What you will do » All that should be output is the block of lines below from the line with "rewrite (sumN_ext (fun" to the line with "assert (INR (S", both included, exactly as written.

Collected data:
══════

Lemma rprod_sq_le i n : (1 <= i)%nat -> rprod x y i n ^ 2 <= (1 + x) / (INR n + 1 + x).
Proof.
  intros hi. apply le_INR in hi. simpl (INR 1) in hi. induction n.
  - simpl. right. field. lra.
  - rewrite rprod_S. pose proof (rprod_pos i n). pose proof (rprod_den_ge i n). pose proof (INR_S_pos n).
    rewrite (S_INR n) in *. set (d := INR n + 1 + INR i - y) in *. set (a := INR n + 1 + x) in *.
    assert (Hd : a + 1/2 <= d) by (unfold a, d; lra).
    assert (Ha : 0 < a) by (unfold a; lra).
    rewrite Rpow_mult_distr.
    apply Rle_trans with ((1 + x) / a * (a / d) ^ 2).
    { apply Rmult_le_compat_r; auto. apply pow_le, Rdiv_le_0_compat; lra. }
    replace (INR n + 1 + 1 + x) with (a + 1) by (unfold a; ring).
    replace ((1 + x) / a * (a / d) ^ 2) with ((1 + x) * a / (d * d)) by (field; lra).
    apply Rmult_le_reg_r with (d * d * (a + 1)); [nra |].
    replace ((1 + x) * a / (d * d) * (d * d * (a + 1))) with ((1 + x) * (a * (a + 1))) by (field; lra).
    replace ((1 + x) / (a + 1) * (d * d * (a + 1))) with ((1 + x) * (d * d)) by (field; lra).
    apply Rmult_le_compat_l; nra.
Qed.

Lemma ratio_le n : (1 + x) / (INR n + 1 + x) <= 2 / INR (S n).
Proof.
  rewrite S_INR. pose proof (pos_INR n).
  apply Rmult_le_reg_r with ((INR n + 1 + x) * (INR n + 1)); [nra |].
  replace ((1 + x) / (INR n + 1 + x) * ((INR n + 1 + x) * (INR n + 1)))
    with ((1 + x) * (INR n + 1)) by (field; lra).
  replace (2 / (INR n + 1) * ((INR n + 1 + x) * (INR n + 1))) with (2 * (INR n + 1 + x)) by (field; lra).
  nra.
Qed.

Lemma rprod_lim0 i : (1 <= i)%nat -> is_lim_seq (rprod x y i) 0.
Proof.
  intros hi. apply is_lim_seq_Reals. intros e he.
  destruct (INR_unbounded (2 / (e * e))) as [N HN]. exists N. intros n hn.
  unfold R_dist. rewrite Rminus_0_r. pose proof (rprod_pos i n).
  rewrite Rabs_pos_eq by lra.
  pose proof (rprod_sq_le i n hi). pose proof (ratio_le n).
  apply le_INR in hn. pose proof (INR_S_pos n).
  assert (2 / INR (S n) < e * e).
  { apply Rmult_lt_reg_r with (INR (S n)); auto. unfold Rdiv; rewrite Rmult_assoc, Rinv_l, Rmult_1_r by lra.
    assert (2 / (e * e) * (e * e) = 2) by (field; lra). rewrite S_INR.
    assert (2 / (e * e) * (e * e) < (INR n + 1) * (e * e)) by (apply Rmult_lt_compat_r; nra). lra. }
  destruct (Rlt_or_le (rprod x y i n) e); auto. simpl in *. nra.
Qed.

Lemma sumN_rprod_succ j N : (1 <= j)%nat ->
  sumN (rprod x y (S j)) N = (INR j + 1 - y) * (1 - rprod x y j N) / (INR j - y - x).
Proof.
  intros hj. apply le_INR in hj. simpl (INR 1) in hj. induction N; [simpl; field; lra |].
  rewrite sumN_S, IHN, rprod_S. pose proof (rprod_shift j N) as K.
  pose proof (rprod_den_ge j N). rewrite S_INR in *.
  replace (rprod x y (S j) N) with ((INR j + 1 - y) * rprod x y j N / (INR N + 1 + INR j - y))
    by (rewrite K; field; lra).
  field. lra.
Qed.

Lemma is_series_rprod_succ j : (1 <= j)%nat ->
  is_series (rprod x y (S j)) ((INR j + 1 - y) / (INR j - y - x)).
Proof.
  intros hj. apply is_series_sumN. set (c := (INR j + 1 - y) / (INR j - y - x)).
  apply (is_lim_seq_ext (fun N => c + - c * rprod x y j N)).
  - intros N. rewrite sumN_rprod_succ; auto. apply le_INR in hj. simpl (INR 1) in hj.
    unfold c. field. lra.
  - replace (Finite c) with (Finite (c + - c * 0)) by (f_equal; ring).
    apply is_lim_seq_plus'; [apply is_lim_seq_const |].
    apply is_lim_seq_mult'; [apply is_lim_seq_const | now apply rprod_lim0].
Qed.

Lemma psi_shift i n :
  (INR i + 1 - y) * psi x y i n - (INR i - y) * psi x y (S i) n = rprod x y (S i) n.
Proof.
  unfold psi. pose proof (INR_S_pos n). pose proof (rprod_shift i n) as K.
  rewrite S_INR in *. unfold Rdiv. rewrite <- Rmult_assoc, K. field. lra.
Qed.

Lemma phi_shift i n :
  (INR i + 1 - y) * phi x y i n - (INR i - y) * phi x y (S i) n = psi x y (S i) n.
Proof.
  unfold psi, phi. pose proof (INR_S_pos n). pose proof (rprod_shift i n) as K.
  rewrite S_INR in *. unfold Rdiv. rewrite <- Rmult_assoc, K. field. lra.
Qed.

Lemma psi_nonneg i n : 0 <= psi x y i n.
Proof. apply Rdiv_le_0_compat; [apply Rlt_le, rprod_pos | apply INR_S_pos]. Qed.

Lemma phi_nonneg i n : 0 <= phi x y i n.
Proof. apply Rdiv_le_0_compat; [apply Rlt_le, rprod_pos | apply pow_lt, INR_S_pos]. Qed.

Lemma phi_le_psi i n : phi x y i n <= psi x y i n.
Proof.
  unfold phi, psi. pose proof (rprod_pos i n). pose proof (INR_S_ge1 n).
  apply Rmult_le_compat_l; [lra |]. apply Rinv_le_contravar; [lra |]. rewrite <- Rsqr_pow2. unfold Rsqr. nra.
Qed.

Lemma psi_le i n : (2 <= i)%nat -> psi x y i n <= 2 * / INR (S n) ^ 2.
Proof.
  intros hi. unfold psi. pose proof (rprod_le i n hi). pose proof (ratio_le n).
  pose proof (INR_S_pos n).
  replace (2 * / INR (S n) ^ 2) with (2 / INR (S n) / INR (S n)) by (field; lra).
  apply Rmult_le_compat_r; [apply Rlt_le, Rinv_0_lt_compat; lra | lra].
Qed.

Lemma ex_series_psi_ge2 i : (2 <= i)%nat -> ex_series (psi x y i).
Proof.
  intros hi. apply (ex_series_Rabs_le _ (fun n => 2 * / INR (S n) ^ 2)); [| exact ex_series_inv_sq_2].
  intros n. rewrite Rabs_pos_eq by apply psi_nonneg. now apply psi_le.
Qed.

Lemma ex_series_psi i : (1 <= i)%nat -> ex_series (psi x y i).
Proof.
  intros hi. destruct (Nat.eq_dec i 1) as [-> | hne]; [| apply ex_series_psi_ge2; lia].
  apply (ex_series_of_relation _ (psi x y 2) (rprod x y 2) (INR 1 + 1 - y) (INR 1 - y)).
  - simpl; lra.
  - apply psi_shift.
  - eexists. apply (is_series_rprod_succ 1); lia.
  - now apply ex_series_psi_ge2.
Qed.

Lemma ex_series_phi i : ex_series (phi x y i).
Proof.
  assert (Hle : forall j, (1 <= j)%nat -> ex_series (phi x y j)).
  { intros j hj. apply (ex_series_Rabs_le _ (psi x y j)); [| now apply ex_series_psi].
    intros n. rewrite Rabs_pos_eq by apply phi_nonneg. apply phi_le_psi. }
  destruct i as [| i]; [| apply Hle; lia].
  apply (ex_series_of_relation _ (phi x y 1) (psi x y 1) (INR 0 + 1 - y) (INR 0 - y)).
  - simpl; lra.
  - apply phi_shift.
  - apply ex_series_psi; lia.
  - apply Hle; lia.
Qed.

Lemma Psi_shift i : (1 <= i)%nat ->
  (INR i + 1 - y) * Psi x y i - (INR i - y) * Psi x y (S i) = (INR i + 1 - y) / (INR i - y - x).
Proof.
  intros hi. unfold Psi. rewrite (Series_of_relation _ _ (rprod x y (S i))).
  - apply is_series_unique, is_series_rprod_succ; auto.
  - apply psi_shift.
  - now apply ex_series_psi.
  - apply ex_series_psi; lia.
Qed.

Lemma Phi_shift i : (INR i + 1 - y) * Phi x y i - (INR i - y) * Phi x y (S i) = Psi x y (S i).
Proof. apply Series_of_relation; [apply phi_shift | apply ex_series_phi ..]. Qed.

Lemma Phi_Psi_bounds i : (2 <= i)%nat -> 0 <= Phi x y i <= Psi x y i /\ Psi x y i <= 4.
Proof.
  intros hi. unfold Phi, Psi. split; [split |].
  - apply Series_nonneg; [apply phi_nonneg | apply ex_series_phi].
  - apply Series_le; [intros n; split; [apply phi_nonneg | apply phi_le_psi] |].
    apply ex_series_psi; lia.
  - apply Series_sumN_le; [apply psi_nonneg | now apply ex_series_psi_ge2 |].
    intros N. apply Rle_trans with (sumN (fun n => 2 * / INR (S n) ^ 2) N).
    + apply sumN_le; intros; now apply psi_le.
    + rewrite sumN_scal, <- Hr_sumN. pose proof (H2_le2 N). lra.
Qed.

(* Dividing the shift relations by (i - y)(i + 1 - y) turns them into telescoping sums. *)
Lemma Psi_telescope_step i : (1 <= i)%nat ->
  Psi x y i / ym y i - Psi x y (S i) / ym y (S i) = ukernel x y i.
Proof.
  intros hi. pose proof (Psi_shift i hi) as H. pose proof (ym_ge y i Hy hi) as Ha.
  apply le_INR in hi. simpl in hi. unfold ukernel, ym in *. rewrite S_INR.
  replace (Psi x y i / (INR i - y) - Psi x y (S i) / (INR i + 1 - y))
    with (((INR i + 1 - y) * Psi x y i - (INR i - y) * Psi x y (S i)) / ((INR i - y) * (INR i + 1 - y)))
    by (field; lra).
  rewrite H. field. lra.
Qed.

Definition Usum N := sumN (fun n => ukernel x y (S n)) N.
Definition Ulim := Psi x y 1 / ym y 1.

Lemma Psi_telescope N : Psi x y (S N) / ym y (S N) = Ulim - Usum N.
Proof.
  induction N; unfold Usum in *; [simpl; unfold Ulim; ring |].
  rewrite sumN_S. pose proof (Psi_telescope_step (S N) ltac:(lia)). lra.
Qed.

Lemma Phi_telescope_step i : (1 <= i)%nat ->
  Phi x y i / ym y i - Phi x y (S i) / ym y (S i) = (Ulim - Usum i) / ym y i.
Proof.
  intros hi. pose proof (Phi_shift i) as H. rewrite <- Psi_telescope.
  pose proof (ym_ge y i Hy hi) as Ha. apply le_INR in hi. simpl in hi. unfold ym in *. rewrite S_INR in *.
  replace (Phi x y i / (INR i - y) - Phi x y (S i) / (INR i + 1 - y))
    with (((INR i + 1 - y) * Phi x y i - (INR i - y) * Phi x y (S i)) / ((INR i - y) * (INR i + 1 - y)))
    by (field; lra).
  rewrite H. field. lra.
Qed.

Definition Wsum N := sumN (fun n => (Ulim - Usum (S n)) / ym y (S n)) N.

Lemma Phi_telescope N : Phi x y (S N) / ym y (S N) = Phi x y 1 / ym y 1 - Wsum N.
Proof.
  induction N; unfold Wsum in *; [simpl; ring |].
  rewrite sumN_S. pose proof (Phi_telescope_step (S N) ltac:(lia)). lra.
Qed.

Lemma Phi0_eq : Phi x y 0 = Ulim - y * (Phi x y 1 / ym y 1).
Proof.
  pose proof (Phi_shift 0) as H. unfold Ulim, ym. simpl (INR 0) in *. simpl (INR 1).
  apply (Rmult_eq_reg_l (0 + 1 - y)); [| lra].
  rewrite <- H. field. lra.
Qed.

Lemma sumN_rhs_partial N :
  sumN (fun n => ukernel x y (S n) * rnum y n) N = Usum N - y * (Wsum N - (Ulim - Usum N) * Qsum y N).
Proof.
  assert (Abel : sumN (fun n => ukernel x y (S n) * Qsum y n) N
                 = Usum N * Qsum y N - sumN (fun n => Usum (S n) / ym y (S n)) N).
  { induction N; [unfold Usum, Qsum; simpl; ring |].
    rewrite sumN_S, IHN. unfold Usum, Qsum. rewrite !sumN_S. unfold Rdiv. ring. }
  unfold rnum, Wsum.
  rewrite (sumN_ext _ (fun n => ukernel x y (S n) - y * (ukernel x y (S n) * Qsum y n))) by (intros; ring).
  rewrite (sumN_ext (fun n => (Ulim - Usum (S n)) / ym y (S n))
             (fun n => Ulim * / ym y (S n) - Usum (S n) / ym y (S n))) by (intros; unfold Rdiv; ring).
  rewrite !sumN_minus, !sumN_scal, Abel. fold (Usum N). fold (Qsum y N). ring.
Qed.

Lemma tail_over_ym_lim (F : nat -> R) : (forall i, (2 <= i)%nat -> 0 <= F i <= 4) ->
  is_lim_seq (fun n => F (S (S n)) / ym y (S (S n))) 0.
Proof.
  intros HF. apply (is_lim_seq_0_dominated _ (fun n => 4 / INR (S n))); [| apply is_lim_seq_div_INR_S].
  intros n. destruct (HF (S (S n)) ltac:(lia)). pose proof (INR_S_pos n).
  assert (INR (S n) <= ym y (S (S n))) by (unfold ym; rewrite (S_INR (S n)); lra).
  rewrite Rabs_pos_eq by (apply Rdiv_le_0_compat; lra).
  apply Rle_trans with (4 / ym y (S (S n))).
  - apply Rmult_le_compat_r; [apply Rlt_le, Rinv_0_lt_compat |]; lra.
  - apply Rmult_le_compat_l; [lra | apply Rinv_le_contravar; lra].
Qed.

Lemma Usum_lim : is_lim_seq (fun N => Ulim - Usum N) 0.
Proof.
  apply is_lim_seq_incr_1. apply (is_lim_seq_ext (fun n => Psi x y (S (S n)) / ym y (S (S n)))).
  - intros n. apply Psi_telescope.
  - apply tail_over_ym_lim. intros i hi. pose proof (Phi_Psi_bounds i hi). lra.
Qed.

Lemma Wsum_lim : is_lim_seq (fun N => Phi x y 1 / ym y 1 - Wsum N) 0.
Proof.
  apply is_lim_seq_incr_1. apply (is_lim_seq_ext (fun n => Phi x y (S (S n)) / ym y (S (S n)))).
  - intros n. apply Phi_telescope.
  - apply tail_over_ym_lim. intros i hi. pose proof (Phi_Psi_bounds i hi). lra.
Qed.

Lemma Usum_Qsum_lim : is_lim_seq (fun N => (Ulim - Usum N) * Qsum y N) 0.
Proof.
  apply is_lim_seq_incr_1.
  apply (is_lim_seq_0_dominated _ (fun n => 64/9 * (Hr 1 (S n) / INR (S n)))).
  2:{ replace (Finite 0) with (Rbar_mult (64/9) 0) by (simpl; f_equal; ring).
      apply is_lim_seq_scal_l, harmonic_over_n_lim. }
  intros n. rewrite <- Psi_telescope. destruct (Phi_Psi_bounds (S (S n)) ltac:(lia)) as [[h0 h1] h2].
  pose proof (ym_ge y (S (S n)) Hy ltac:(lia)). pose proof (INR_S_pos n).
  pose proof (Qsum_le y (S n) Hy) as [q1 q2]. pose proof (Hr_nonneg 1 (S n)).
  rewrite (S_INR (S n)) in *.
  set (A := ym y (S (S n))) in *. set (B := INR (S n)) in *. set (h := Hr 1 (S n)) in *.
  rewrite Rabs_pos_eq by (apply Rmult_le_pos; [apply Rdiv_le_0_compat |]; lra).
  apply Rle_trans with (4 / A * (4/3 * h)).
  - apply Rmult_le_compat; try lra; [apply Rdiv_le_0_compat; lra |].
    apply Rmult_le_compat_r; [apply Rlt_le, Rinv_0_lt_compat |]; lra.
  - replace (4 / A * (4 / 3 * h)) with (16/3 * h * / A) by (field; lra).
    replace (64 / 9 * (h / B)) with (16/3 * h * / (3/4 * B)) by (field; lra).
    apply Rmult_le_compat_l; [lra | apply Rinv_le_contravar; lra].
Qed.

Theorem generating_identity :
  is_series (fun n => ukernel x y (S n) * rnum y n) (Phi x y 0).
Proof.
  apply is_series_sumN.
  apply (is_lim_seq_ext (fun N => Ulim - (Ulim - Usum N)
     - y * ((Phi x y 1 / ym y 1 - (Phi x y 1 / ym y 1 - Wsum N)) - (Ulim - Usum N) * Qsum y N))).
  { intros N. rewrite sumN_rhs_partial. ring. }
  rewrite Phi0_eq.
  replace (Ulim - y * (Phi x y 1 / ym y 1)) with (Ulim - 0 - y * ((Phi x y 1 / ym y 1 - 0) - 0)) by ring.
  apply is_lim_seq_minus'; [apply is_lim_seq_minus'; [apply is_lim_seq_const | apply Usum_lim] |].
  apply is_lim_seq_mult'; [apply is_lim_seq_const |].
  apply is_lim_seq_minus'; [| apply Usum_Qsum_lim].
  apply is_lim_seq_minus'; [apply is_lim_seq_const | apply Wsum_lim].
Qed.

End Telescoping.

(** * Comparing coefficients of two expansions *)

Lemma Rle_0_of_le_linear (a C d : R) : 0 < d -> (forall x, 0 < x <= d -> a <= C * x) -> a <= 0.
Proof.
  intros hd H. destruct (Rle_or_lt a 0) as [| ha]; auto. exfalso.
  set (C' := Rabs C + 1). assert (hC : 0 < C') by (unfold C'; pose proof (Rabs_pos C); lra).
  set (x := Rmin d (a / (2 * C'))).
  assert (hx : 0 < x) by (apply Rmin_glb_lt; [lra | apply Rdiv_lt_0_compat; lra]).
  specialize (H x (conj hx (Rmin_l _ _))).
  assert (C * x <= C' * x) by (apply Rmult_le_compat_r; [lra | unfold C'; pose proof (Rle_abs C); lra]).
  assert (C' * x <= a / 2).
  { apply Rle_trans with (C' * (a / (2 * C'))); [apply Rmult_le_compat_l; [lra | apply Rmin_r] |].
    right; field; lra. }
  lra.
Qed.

══════

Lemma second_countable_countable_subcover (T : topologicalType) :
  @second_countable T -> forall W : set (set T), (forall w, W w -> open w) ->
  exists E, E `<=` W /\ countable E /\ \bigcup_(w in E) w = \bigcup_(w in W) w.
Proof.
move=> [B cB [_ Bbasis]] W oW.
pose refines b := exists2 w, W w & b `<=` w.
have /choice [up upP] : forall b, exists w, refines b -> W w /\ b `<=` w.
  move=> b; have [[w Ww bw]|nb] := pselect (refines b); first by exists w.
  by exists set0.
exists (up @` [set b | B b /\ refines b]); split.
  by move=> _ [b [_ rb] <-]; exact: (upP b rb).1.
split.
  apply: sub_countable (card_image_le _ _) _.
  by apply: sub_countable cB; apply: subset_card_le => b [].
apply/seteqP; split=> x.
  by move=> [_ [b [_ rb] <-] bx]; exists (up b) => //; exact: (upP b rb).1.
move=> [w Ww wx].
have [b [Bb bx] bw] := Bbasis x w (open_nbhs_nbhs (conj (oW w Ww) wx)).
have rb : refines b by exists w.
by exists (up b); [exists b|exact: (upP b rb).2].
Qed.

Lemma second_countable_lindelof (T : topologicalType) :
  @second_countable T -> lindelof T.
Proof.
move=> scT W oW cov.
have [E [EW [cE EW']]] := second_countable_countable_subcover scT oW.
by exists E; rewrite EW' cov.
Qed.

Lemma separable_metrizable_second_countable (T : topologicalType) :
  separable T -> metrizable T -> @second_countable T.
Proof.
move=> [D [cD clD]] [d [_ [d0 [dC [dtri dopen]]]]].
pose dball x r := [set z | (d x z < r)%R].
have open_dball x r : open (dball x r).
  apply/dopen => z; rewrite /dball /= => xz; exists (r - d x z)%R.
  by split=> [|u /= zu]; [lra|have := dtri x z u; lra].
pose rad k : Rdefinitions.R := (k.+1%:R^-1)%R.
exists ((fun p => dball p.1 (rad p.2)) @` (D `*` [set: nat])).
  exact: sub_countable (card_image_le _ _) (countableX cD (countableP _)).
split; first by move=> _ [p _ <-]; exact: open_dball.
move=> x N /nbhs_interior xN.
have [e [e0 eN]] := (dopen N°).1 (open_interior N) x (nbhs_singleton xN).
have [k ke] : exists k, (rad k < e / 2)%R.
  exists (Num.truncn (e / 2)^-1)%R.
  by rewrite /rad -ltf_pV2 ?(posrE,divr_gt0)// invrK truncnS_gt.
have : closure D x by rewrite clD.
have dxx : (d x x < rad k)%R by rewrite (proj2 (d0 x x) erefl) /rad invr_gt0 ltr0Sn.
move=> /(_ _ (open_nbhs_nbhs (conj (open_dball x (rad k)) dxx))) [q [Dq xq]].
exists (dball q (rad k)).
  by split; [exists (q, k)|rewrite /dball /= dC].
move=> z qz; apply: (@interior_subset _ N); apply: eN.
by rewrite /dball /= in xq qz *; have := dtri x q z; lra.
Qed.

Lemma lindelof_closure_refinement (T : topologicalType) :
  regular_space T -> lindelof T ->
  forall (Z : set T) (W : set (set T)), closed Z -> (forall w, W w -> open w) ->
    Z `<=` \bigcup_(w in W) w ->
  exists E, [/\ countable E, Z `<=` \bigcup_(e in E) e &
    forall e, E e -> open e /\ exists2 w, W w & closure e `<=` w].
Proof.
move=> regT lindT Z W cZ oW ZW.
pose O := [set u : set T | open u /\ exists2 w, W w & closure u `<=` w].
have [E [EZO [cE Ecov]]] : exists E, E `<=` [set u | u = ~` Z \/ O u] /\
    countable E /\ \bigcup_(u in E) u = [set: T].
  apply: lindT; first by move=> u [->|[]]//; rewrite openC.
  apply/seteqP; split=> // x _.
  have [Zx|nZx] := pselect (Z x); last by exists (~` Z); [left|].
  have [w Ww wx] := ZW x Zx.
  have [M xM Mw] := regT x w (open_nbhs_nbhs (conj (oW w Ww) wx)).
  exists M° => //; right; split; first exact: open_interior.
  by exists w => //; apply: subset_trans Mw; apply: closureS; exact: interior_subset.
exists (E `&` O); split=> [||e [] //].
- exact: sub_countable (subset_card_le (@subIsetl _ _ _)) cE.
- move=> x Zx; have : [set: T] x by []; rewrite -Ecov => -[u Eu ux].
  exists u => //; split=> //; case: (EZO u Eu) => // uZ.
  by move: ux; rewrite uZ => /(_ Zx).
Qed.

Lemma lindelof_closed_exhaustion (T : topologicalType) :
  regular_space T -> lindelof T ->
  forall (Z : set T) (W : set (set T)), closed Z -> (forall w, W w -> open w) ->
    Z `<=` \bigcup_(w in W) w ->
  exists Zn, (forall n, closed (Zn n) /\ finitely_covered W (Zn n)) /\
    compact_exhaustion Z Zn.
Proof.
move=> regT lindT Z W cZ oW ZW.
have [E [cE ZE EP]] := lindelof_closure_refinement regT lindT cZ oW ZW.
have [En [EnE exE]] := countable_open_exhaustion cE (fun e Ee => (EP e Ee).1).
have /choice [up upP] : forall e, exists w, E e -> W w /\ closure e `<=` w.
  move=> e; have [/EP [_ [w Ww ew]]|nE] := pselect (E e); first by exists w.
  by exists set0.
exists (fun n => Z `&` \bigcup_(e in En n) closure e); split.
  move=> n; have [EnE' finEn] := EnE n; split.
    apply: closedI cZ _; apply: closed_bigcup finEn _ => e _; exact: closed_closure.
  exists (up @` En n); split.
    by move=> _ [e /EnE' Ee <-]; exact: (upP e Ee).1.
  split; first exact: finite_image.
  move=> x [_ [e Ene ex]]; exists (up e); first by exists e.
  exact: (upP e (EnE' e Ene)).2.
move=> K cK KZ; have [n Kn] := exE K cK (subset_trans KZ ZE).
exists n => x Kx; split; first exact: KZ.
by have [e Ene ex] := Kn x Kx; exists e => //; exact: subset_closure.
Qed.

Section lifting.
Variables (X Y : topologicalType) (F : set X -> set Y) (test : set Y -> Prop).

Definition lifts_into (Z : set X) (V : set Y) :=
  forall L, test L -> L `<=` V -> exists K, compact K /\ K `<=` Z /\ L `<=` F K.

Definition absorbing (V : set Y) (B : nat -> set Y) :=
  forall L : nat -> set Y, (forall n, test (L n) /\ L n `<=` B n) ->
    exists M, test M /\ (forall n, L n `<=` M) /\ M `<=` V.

══════

Final answer »
  rewrite (sumN_ext (fun n => (Ulim - Usum (S n)) / ym y (S n))
             (fun n => Ulim * / ym y (S n) - Usum (S n) / ym y (S n))) by (intros; unfold Rdiv; ring).
  rewrite !sumN_minus, !sumN_scal, Abel. fold (Usum N). fold (Qsum y N). ring.
Qed.

Lemma tail_over_ym_lim (F : nat -> R) : (forall i, (2 <= i)%nat -> 0 <= F i <= 4) ->
  is_lim_seq (fun n => F (S (S n)) / ym y (S (S n))) 0.
Proof.
  intros HF. apply (is_lim_seq_0_dominated _ (fun n => 4 / INR (S n))); [| apply is_lim_seq_div_INR_S].
  intros n. destruct (HF (S (S n)) ltac:(lia)). pose proof (INR_S_pos n).
  assert (INR (S n) <= ym y (S (S n))) by (unfold ym; rewrite (S_INR (S n)); lra).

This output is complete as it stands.